Good idea, but it should take in account outside temperature somehow

I see your point. Thinking about the thermodynamic problem where the system (house) and the boundary (wall, roof, windows, floors), and the heat losses T_in > T_out (in winter), the greater the in and out temperature delta, the bigger are the heat losses via conduction, convection and radiation.

Assuming that everyone’s house HVAC system is correctly sized (in most cases, it is oversized), you can account for the different heat losses by fine-tuning the minimum runtime and temperature tolerance. In other words, you set your minimum runtime and temperature tolerance to the values that would work for the coldest day of the year in your region, and you should be good for warmer days.

While writing this answer to you, I had the idea of having separated minimum runtime and temperature tolerance values for cooling and heating. I will add this to the list of future improvements.

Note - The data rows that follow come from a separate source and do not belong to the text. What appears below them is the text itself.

(* Let $k\ge1$ and let $\sigma=\sigma_1\sigma_2\cdots\sigma_k\in\mathfrak S_k$ be a consecutive pattern. Let $1\text{-}\sigma$ denote the generalized pattern $1\text{-}(\sigma_1+1)(\sigma_2+1)\cdots(\sigma_k+1)$ of length $k+1$. Then, as formal power series, $$A_{1\text{-}\sigma}(z)=\exp\left(\int_0^z A_\sigma(t)\,dt\right).$$
   Context: $\mathfrak S_n$ is the symmetric group on $\{1,\dots,n\}$, permutations written in one-line notation $\pi=\pi_1\cdots\pi_n$. A generalized pattern of length $m$ is a permutation $\sigma_1\cdots\sigma_m\in\mathfrak S_m$ together with, for each $j=1,\dots,m-1$, a choice of either inserting a dash ''-'' between $\sigma_j$ and $\sigma_{j+1}$ or not; write it $\sigma_1\varepsilon_1\sigma_2\cdots\varepsilon_{m-1}\sigma_m$ with each $\varepsilon_j$ either ''-'' or empty. A permutation $\pi\in\mathfrak S_n$ contains this pattern if there are indices $i_1<\dots<i_m$ such that (i) whenever $\varepsilon_j$ is empty, $i_{j+1}=i_j+1$, and (ii) for all $a,b$, $\pi_{i_a}<\pi_{i_b}$ iff $\sigma_a<\sigma_b$. Otherwise $\pi$ avoids it. A consecutive pattern is one with no dashes (an occurrence must occupy adjacent positions). For a generalized pattern $\sigma$, $\alpha_n(\sigma)$ is the number of permutations in $\mathfrak S_n$ avoiding $\sigma$ (with $\alpha_0(\sigma)=1$ for the empty permutation), and $A_\sigma(z)=\sum_{n\ge0}\alpha_n(\sigma)z^n/n!$ is its exponential generating function. *)

From mathcomp Require Import all_boot all_order all_fingroup all_algebra.
Set Implicit Arguments. Unset Strict Implicit. Unset Printing Implicit Defensive.
Import GRing.Theory Num.Theory.

(* A generalized pattern of length m: a permutation sg : 'S_m (one-line
   notation sg_j = sg j, positions 0-indexed) together with [adj], where
   [adj j = true] means there is NO dash between positions j and j+1
   (so the occurrence must use adjacent positions there). *)

Definition contains (n m : nat) (pi : 'S_n) (sg : 'S_m) (adj : nat -> bool) : bool :=
  [exists f : {ffun 'I_m -> 'I_n},
    [forall a : 'I_m, forall b : 'I_m,
      [&& (a < b) ==> (f a < f b),
          ((b == a.+1 :> nat) && adj a) ==> (val (f b) == (f a).+1) &
          (pi (f a) < pi (f b)) == (sg a < sg b)]]].

Definition alpha (m : nat) (sg : 'S_m) (adj : nat -> bool) (n : nat) : nat :=
  #|[set pi : 'S_n | ~~ contains pi sg adj]|.

Definition consec_adj : nat -> bool := fun _ => true.

(* the pattern 1-(sg_1+1)...(sg_k+1): a dash only between positions 0 and 1 *)
Definition one_dash_adj : nat -> bool := fun j => j != 0.

Definition one_dash_fun (k : nat) (s : 'S_k) (i : 'I_k.+1) : 'I_k.+1 :=
  if unlift ord0 i is Some j then lift ord0 (s j) else ord0.

Lemma one_dash_inj (k : nat) (s : 'S_k) : injective (one_dash_fun s).
Proof.
move=> i j; rewrite /one_dash_fun.
case: (unliftP ord0 i) => [i' -> | ->]; case: (unliftP ord0 j) => [j' -> | ->] //;
  rewrite ?liftK ?unlift_none //.
by move/lift_inj/perm_inj ->.
Qed.

Definition one_dash (k : nat) (s : 'S_k) : 'S_k.+1 := perm (@one_dash_inj k s).

Local Open Scope ring_scope.

Definition fps := nat -> rat.
Definition fps_one : fps := fun n => (n == 0)%:R.
Definition fps_mul (F G : fps) : fps :=
  fun n => \sum_(i < n.+1) F i * G (n - i)%N.
Definition fps_pow (F : fps) (j : nat) : fps := iter j (fps_mul F) fps_one.
Definition fps_int (F : fps) : fps :=
  fun n => if n is m.+1 then F m / (m.+1)%:R else 0.
(* exp(F) = sum_j F^j / j!, for F with zero constant term (then the
   coefficient of z^n only receives contributions from j <= n). *)
Definition fps_exp (F : fps) : fps :=
  fun n => \sum_(j < n.+1) fps_pow F j n / (j`!)%:R.
Definition egf (a : nat -> nat) : fps := fun n => (a n)%:R / (n`!)%:R.

(* A permutation of 0..n splits around its minimal entry 0 as u 0 w.  It avoids
   1-σ iff u avoids 1-σ and w avoids σ: an occurrence of σ inside w extends by
   the entry 0 to one of 1-σ, while an occurrence of σ at consecutive positions
   covering 0 is not preceded by a smaller entry.  Both avoidance properties only
   depend on relative order, so summing over the set of entries of w gives
     a(n+1) = Σ_i C(n,i) b(i) a(n-i),
   i.e. A' = B A and A(0) = 1 for the exponential generating functions, whose
   unique solution is A = exp(∫ B). *)

From mathcomp Require Import all_boot all_order all_fingroup all_algebra.
From mathcomp Require Import zify ring.
From Stdlib Require Import FunctionalExtensionality.
Set Implicit Arguments. Unset Strict Implicit. Unset Printing Implicit Defensive.
Import GRing.Theory Num.Theory.

Definition perm_seq n (pi : 'S_n) : seq nat := [seq val (pi i) | i <- enum 'I_n].

Lemma size_perm_seq n (pi : 'S_n) : size (perm_seq pi) = n.
Proof. by rewrite size_map size_enum_ord. Qed.

Lemma nth_perm_seq n (pi : 'S_n) (i : 'I_n) : nth 0 (perm_seq pi) i = pi i.
Proof. by rewrite (nth_map i) ?nth_ord_enum // size_enum_ord. Qed.

Lemma perm_seq_inj n : injective (@perm_seq n).
Proof.
move=> pi1 pi2 e; apply/permP => i; apply: val_inj.
by have := nth_perm_seq pi1 i; rewrite e nth_perm_seq.
Qed.

Lemma perm_seq_iota n (pi : 'S_n) : perm_eq (perm_seq pi) (iota 0 n).
Proof.
have -> : perm_seq pi = map val (map pi (enum 'I_n)) by rewrite -map_comp.
rewrite -val_enum_ord; apply: perm_map.
apply: uniq_perm; rewrite ?(map_inj_uniq (@perm_inj _ pi)) ?enum_uniq //.
by move=> i; rewrite mem_enum; apply/mapP; exists ((pi^-1)%g i); rewrite ?mem_enum ?permKV.
Qed.

Lemma perm_seq_surj n (t : seq nat) : perm_eq t (iota 0 n) -> exists pi : 'S_n, perm_seq pi = t.
Proof.
move=> ht; have size_t : size t = n by rewrite (perm_size ht) size_iota.
have lt_t (i : 'I_n) : nth 0 t i < n.
  by have := @mem_nth _ 0 t i; rewrite size_t ltn_ord (perm_mem ht) mem_iota => /(_ isT).
have inj : injective (fun i => Ordinal (lt_t i)).
  move=> i j [] /eqP; rewrite nth_uniq ?size_t ?(perm_uniq ht) ?iota_uniq // => /eqP.
  exact: val_inj.
exists (perm inj); apply: (@eq_from_nth _ 0); rewrite ?size_perm_seq // => i hi.
by rewrite (nth_perm_seq _ (Ordinal hi)) permE.
Qed.

Lemma perm_seq_enum n : perm_eq (map (@perm_seq n) (enum 'S_n)) (permutations (iota 0 n)).
Proof.
apply: uniq_perm; rewrite ?permutations_uniq ?(map_inj_uniq (@perm_seq_inj n)) ?enum_uniq //.
move=> t; rewrite mem_permutations; apply/mapP/idP => [[pi _ ->]|/perm_seq_surj [pi <-]].
  exact: perm_seq_iota.
by exists pi; rewrite ?mem_enum.
Qed.

Lemma alpha_count_permutations m (sg : 'S_m) adj (P : pred (seq nat)) n :
  (forall pi : 'S_n, contains pi sg adj = P (perm_seq pi)) ->
  alpha sg adj n = count (predC P) (permutations (iota 0 n)).
Proof.
move=> hP; rewrite /alpha unlock /= size_filter -enumT.
rewrite (eq_count (a2 := predC P \o @perm_seq n)) => [|pi]; last by rewrite /= inE hP.
by rewrite -count_map (seq.permP (perm_seq_enum n)).
Qed.

Section Occurrences.
Variables (k : nat) (s : 'S_k).

Definition occurs_at (t : seq nat) (i : nat) : bool :=
  (i + k <= size t) &&
  [forall a : 'I_k, forall b : 'I_k, (nth 0 t (i + a) < nth 0 t (i + b)) == (s a < s b)].

Definition occurs_consec (t : seq nat) : bool := has (occurs_at t) (iota 0 (size t).+1).

Definition below_window (t : seq nat) (p i : nat) : bool :=
  [forall a : 'I_k, nth 0 t p < nth 0 t (i + a)].

(* Containment of 1-σ: an occurrence of σ at consecutive positions i, ..., i+k-1
   preceded by an entry smaller than all of them. *)
Definition occurs_dash (t : seq nat) : bool :=
  has (fun i => occurs_at t i && has (below_window t ^~ i) (iota 0 i)) (iota 0 (size t).+1).

Lemma occurs_consecP t : reflect (exists i, occurs_at t i) (occurs_consec t).
Proof.
apply: (iffP hasP) => [[i _ h]|[i h]]; first by exists i.
by exists i; rewrite // mem_iota ltnS; case/andP: h; lia.
Qed.

Lemma occurs_dashP t :
  reflect (exists p i, [/\ p < i, occurs_at t i & below_window t p i]) (occurs_dash t).
Proof.
apply: (iffP hasP) => [[i _ /andP[h /hasP[p]]]|[p [i [hp h hl]]]].
  by rewrite mem_iota => /andP[_ hp] hl; exists p, i.
exists i; first by rewrite mem_iota ltnS; case/andP: h; lia.
by rewrite h; apply/hasP; exists p; rewrite // mem_iota.
Qed.

Lemma occurs_at_catl u v i : i + k <= size u -> occurs_at (u ++ v) i = occurs_at u i.
Proof.
move=> h; rewrite /occurs_at size_cat h (leq_trans h (leq_addr _ _)) /=.
apply: eq_forallb => a; apply: eq_forallb => b.
by rewrite !nth_cat (leq_trans _ h) ?(leq_trans _ h) // ltn_add2l.
Qed.

Lemma occurs_at_catr u v i : occurs_at (u ++ v) (size u + i) = occurs_at v i.
Proof.
rewrite /occurs_at size_cat -addnA leq_add2l; congr (_ && _).
apply: eq_forallb => a; apply: eq_forallb => b.
by rewrite !nth_cat -!addnA !ltnNge !leq_addr /= !addKn.
Qed.

Lemma below_window_catl u v p i :
  p < size u -> i + k <= size u -> below_window (u ++ v) p i = below_window u p i.
Proof.
move=> hp hi; apply: eq_forallb => a.
by rewrite !nth_cat hp (leq_trans _ hi) // ltn_add2l.
Qed.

Implemented the separated Temperature Tolerances. I did this because I had completely forgotten to account for the thermostat deadband.

Example: If your thermostat has a 0.5°C deadband for cooling, the AC turns on when the room is 0.5°C above the setpoint, the system will normally cool by about 0.5°C before turning off.

To anyone using the blueprint. I completely changed the AC failure detection to better capture the heat pump AC failure modes.

I also did some improvements to the deadband detection code, as it was triggering because of the smartness of the Google nest thermostat.

I am still testing it out at my house that has a forced air system with a heat pump AC and Gas Furnace.

I will keep improving it as I test it in real life scenarios. :slight_smile:

Forgot about this, and now thought of new issue.

I’ve set it when released with some changes to include outside temp, but since then it never triggered, so I don’t know if automation is working or AC has no performanse issue.

GPT suggested to add efficiency score in %, but it’s became too complicated so I left it for later.

Check your automation Traces. When you have the automation open, in the left right corner you can find Traces. If you click it it will show what is happening with it every time it is triggered.

You can also test the AC logic by just turning off the AC breaker :slight_smile: however, this method is not wife-approved…lol

Let me know how the use of outside temperature goes. I have been tracking the outside temperature versus the cooling minimum run time and found that the impact is not as big as one might think. In my case, a 120-minute minimum runtime before check works fine for outside temperatures of 95F (35C).

If you find the minimum runtime that works for the warmest outside temperature in your area, you will not have any issues when it is cooler outside, and you don’t need to add more complexity by including another sensor in your logic.

Can I add multiple entities or create multiple automations that use the same helper entities?